Всё только начинается
31 октября 2023 г. в 15:02
Арсений смотрит на этот пункт требований и задумчиво покусывает кончик карандаша, которым делает пометки в ежедневнике. Требованиям выше он соответствует полностью. Привлекательная наружность? Он красив (и точка). Умение расположить к себе клиентов и стрессоустойчивость? Есть, хватило на два месяца работы кассиром в Магните без единой истерики, когда на него орали (иногда и не по разу за смену), бухтели, нудели, плакали и материли, пытались спиздить с кассы водку и сгущёнку. Многозадачность? Тоже имеется, товар по полкам сам себя не разложит и не пересчитает, товару по хую, что у товароведа-Ирки ребёнок заболел, а Арсению не привыкать вертеться, ему иногда кажется, что он скоро эволюционирует и вместо копчика отрастит себе третий глаз — чтобы на камеры в зале смотреть, пока руками очередной чек отбивает. Желание работать и своевременное выполнение работы — если платят тоже вовремя, то он очень сильно желает работать. А ещё Арсений мечтает отписаться от рассылки хэдхантера и снести своё резюме сразу и с hh.ru, и с работы.ру, и с зарплаты.ру. И просто заработать, наконец, денег.

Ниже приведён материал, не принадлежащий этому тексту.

(* Let $m,n,k$ be positive integers. If $\vartheta\big(\overline{G_D(K_{m,n})}\big) > k$ for every circular drawing $D$ of $K_{m,n}$, then $\nu_k(K_{m,n})>0$.
   Context: A circular drawing $D$ of $K_{m,n}$ places the $m+n$ vertices at distinct points of a circle and draws each edge as the straight chord between its endpoints. The auxiliary graph $G_D(K_{m,n})$ has as vertex set the edge set of $K_{m,n}$, two vertices being adjacent iff the corresponding chords cross in $D$. $\overline{H}$ denotes the complement of a graph $H$. For a graph $G=(V,E)$, the Lovász number is $\vartheta(G):=\max\{\sum_{i,j\in V}X_{ij} : X\in\mathbb{R}^{V\times V}\text{ positive semidefinite},\ X_{ij}=0 \text{ for } \{i,j\}\in E,\ \mathrm{trace}(X)=1\}$. A book with $k$ pages consists of a line (the spine) and $k$ half-planes (pages) bounded by it; a $k$-page drawing places vertices on the spine and each edge in a single page; $\nu_k(G)$ is the minimum number of crossings over all $k$-page drawings of $G$. *)

From HB Require Import structures.
From mathcomp Require Import all_boot all_order all_algebra.
From mathcomp Require Import classical_sets reals.
Set Implicit Arguments. Unset Strict Implicit. Unset Printing Implicit Defensive.
Import Order.TTheory GRing.Theory Num.Theory.

Definition Kmn_vert (m n : nat) : finType := ('I_m + 'I_n)%type.
Definition Kmn_edge (m n : nat) : finType := ('I_m * 'I_n)%type.

(* Circular drawing: the vertices are placed at distinct points of a circle;
   up to rotation this is an injective labelling pos of the vertices, read
   cyclically.  Two straight chords cross iff their four endpoints are
   distinct and interleave in the cyclic order. *)
Definition chords_cross (m n : nat) (pos : Kmn_vert m n -> nat)
    (e f : Kmn_edge m n) : bool :=
  let a := pos (inl e.1) in let b := pos (inr e.2) in
  let c := pos (inl f.1) in let d := pos (inr f.2) in
  [&& e.1 != f.1, e.2 != f.2 &
   (minn a b < minn c d < maxn a b) && (maxn a b < maxn c d)
   || (minn c d < minn a b < maxn c d) && (maxn c d < maxn a b)].

Definition GD (m n : nat) (pos : Kmn_vert m n -> nat) : rel (Kmn_edge m n) :=
  chords_cross pos.

Definition complement_rel (V : finType) (adj : rel V) : rel V :=
  fun x y => (x != y) && ~~ adj x y.

Local Open Scope ring_scope.

Definition psd (R : realType) (V : finType) (X : V -> V -> R) : Prop :=
  (forall i j, X i j = X j i) /\
  (forall v : V -> R, 0 <= \sum_(i : V) \sum_(j : V) v i * X i j * v j).

(* Lovasz number: max (= sup; the max is attained) of sum_{ij} X_ij over PSD X
   with X_ij = 0 on edges and trace X = 1. *)
Definition lovasz_theta (R : realType) (V : finType) (adj : rel V) : R :=
  sup [set s : R | exists X : V -> V -> R,
        [/\ psd X, (forall i j, adj i j -> X i j = 0),
            \sum_(i : V) X i i = 1 &
            s = \sum_(i : V) \sum_(j : V) X i j]].

Local Close Scope ring_scope.

(* k-page book drawings of K_{m,n}: vertices at distinct positions on the
   spine (injective pos), each edge on one of k pages.  Two edges on the same
   page cross iff their endpoints interleave along the spine; each crossing
   pair {e,f} is counted once, via the ordered pair with min-end of e first. *)
Definition book_crossings (m n k : nat)
    (pos : {ffun Kmn_vert m n -> 'I_(m + n)})
    (page : {ffun Kmn_edge m n -> 'I_k}) : nat :=
  #|[set ef : (Kmn_edge m n * Kmn_edge m n)%type |
      let e := ef.1 in let f := ef.2 in
      let a := val (pos (inl e.1)) in let b := val (pos (inr e.2)) in
      let c := val (pos (inl f.1)) in let d := val (pos (inr f.2)) in
      [&& page e == page f,
          minn a b < minn c d < maxn a b & maxn a b < maxn c d]]|.

(* nu_k(K_{m,n}): minimum number of crossings over all k-page drawings.
   The seed (m*n)^2 bounds every book_crossings value, so this is the min. *)
Definition nu_book_Kmn (m n k : nat) : nat :=
  \big[minn/((m * n) ^ 2)]_(d : ({ffun Kmn_vert m n -> 'I_(m + n)} *
                                 {ffun Kmn_edge m n -> 'I_k})%type
                            | injectiveb d.1)
     book_crossings d.1 d.2.

From HB Require Import structures.
From mathcomp Require Import all_boot all_order all_algebra.
From mathcomp Require Import classical_sets reals.
From mathcomp Require Import ring.
Import Order.TTheory GRing.Theory Num.Theory.
Set Implicit Arguments. Unset Strict Implicit. Unset Printing Implicit Defensive.

(* A crossing-free k-page drawing of K_{m,n}, read as a circular drawing D
   (spine order = cyclic order), splits the edges into k classes of pairwise
   non-crossing chords, i.e. into k cliques of the complement of G_D.  Such a
   clique cover bounds the Lovasz number: for a feasible X and the page
   vectors v_c = 1 - k [page = c], summing v_c^T X v_c >= 0 over the pages c
   gives k (k tr X - sum X) >= 0, i.e. sum X <= k. *)

Local Open Scope ring_scope.

Lemma sum_page_weights (R : comNzRingType) k (p q : 'I_k) :
  \sum_(c < k) (1 - k%:R * (p == c)%:R) * (1 - k%:R * (q == c)%:R) =
  k%:R * (k%:R * (p == q)%:R - 1) :> R.
Proof.
have indicator_sum (r : 'I_k) : \sum_(c < k) (r == c)%:R = 1 :> R.
  by rewrite (bigD1 r) //= eqxx big1 ?addr0 // => c /negPf; rewrite eq_sym => ->.
have delta_sum : \sum_(c < k) (p == c)%:R * (q == c)%:R = (p == q)%:R :> R.
  rewrite (bigD1 p) //= eqxx mul1r big1 ?addr0 1?eq_sym //.
  by move=> c /negPf; rewrite eq_sym => ->; rewrite mul0r.
under eq_bigr do rewrite mulrBl !mul1r mulrBr mulr1 mulrCA !mulrA -mulrA.
rewrite !sumrB -!mulr_sumr delta_sum !indicator_sum sumr_const card_ord.
rewrite -[1 *+ k]/(k%:R); ring.
Qed.

Section CliqueCover.

Variables (R : realType) (V : finType) (adj : rel V) (k : nat).
Variable page : V -> 'I_k.
Hypothesis page_clique : forall i j, i != j -> page i = page j -> adj i j.

Lemma sum_feasible_le_clique_cover (X : V -> V -> R) :
  psd X -> (forall i j, adj i j -> X i j = 0) -> \sum_i X i i = 1 ->
  \sum_i \sum_j X i j <= k%:R.
Proof.
move=> [_ X_psd] X_adj0 X_tr.
have k_gt0 : (0 < k)%N. (* with no pages V is empty, so its trace is 0 *)
  case: k page X_tr => [|//] page0; rewrite big1 => [/esym/eqP|i _].
    by rewrite oner_eq0.
  by case: (page0 i).
pose v (c : 'I_k) i : R := 1 - k%:R * (page i == c)%:R.
have pages_nonneg : 0 <= \sum_c \sum_i \sum_j v c i * X i j * v c j.
  by apply: sumr_ge0 => c _; apply: X_psd.
have page_diag i : \sum_j X i j * (page i == page j)%:R = X i i.
  rewrite (bigD1 i) //= eqxx mulr1 big1 ?addr0 // => j ij.
  have [pij|] := eqVneq (page i) (page j); last by rewrite mulr0.
  by rewrite X_adj0 ?mul0r // page_clique // eq_sym.
have pair_sum i j : \sum_c v c i * X i j * v c j =
    k%:R * (k%:R * (X i j * (page i == page j)%:R) - X i j).
  under eq_bigr do rewrite mulrAC mulrC.
  by rewrite -mulr_sumr sum_page_weights; ring.
have pages_sum : \sum_c \sum_i \sum_j v c i * X i j * v c j =
    k%:R * (k%:R * \sum_i X i i - \sum_i \sum_j X i j).
  rewrite exchange_big mulr_sumr -sumrB mulr_sumr; apply: eq_bigr => i _.
  rewrite -page_diag mulr_sumr -sumrB mulr_sumr exchange_big.
  by apply: eq_bigr => j _; rewrite pair_sum.
by move: pages_nonneg; rewrite pages_sum X_tr mulr1 pmulr_rge0 ?ltr0n // subr_ge0.
Qed.

Lemma lovasz_theta_le_clique_cover : lovasz_theta R adj <= k%:R.
Proof.
rewrite /lovasz_theta; set S := (X in sup X).
have [S_ne|] := boolp.pselect (S !=set0)%classic; last first.
  by move/nonemptyPn => ->; rewrite sup0 ler0n.
apply: ge_sup => // _ [X [X_psd X_adj0 X_tr ->]].
exact: sum_feasible_le_clique_cover.
Qed.

End CliqueCover.

Local Close Scope ring_scope.

Lemma crossing_free_page_noncrossing m n k
    (pos : {ffun Kmn_vert m n -> 'I_(m + n)}) (page : {ffun Kmn_edge m n -> 'I_k})
    (e f : Kmn_edge m n) :
  book_crossings pos page = 0 -> page e = page f ->
  ~~ chords_cross (fun v => val (pos v)) e f.
Proof.
move=> /eqP; rewrite cards_eq0 => /eqP no_crossing pef.
have not_counted (ef : Kmn_edge m n * Kmn_edge m n) :
    ef \notin [set ef | let e := ef.1 in let f := ef.2 in
      let a := val (pos (inl e.1)) in let b := val (pos (inr e.2)) in
      let c := val (pos (inl f.1)) in let d := val (pos (inr f.2)) in
      [&& page e == page f, minn a b < minn c d < maxn a b
        & maxn a b < maxn c d]].
  by rewrite no_crossing inE.
apply/and3P => -[_ _ /orP[] /andP[] /andP[lo hi] out].
- by move: (not_counted (e, f)); rewrite inE /= pef eqxx lo hi out.
- by move: (not_counted (f, e)); rewrite inE /= pef eqxx lo hi out.
Qed.

Theorem corollary11 (R : realType) (m n k : nat) :
  0 < m -> 0 < n -> 0 < k ->
  (forall pos : Kmn_vert m n -> nat, injective pos ->
     (k%:R < lovasz_theta R (complement_rel (GD pos)))%R) ->
  0 < nu_book_Kmn m n k.
Proof.
move=> m_gt0 n_gt0 _ theta_gt_k; rewrite /nu_book_Kmn.
apply: (big_ind (fun x => 0 < x)).
- by rewrite expn_gt0 muln_gt0 m_gt0 n_gt0.
- by move=> x y x_gt0 y_gt0; rewrite leq_min x_gt0 y_gt0.
case=> pos page /= /injectiveP pos_inj; rewrite lt0n; apply/eqP => crossing_free.
have circ_inj : injective (fun v => val (pos v)) by move=> x y /val_inj/pos_inj.
move: (theta_gt_k _ circ_inj); apply/negP; rewrite -leNgt.
apply: (@lovasz_theta_le_clique_cover R _ _ k page) => e f ef pef.
by rewrite /complement_rel ef (crossing_free_page_noncrossing crossing_free pef).
Qed.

Объявление обещает ему почасовую оплату с надбавкой за работу в ночные часы, гибкий график (а он, вообще-то, на очном учится и бросать не собирается, даже если и воплощает собой стереотип о том, что человек искусства должен быть голодным). Ещё выдают спецодежду и платят в два раза больше, чем в Ростиксе в ближайшем ТЦ. Арсений откликается на вакансию сразу же. А отделочные работы, ну, кистью махать научится, не зря с родителями на дачу в электричке катался.
Ответ приходит утром.
— Он написал, что детали моих обязанностей обсудим по итогам собеседования.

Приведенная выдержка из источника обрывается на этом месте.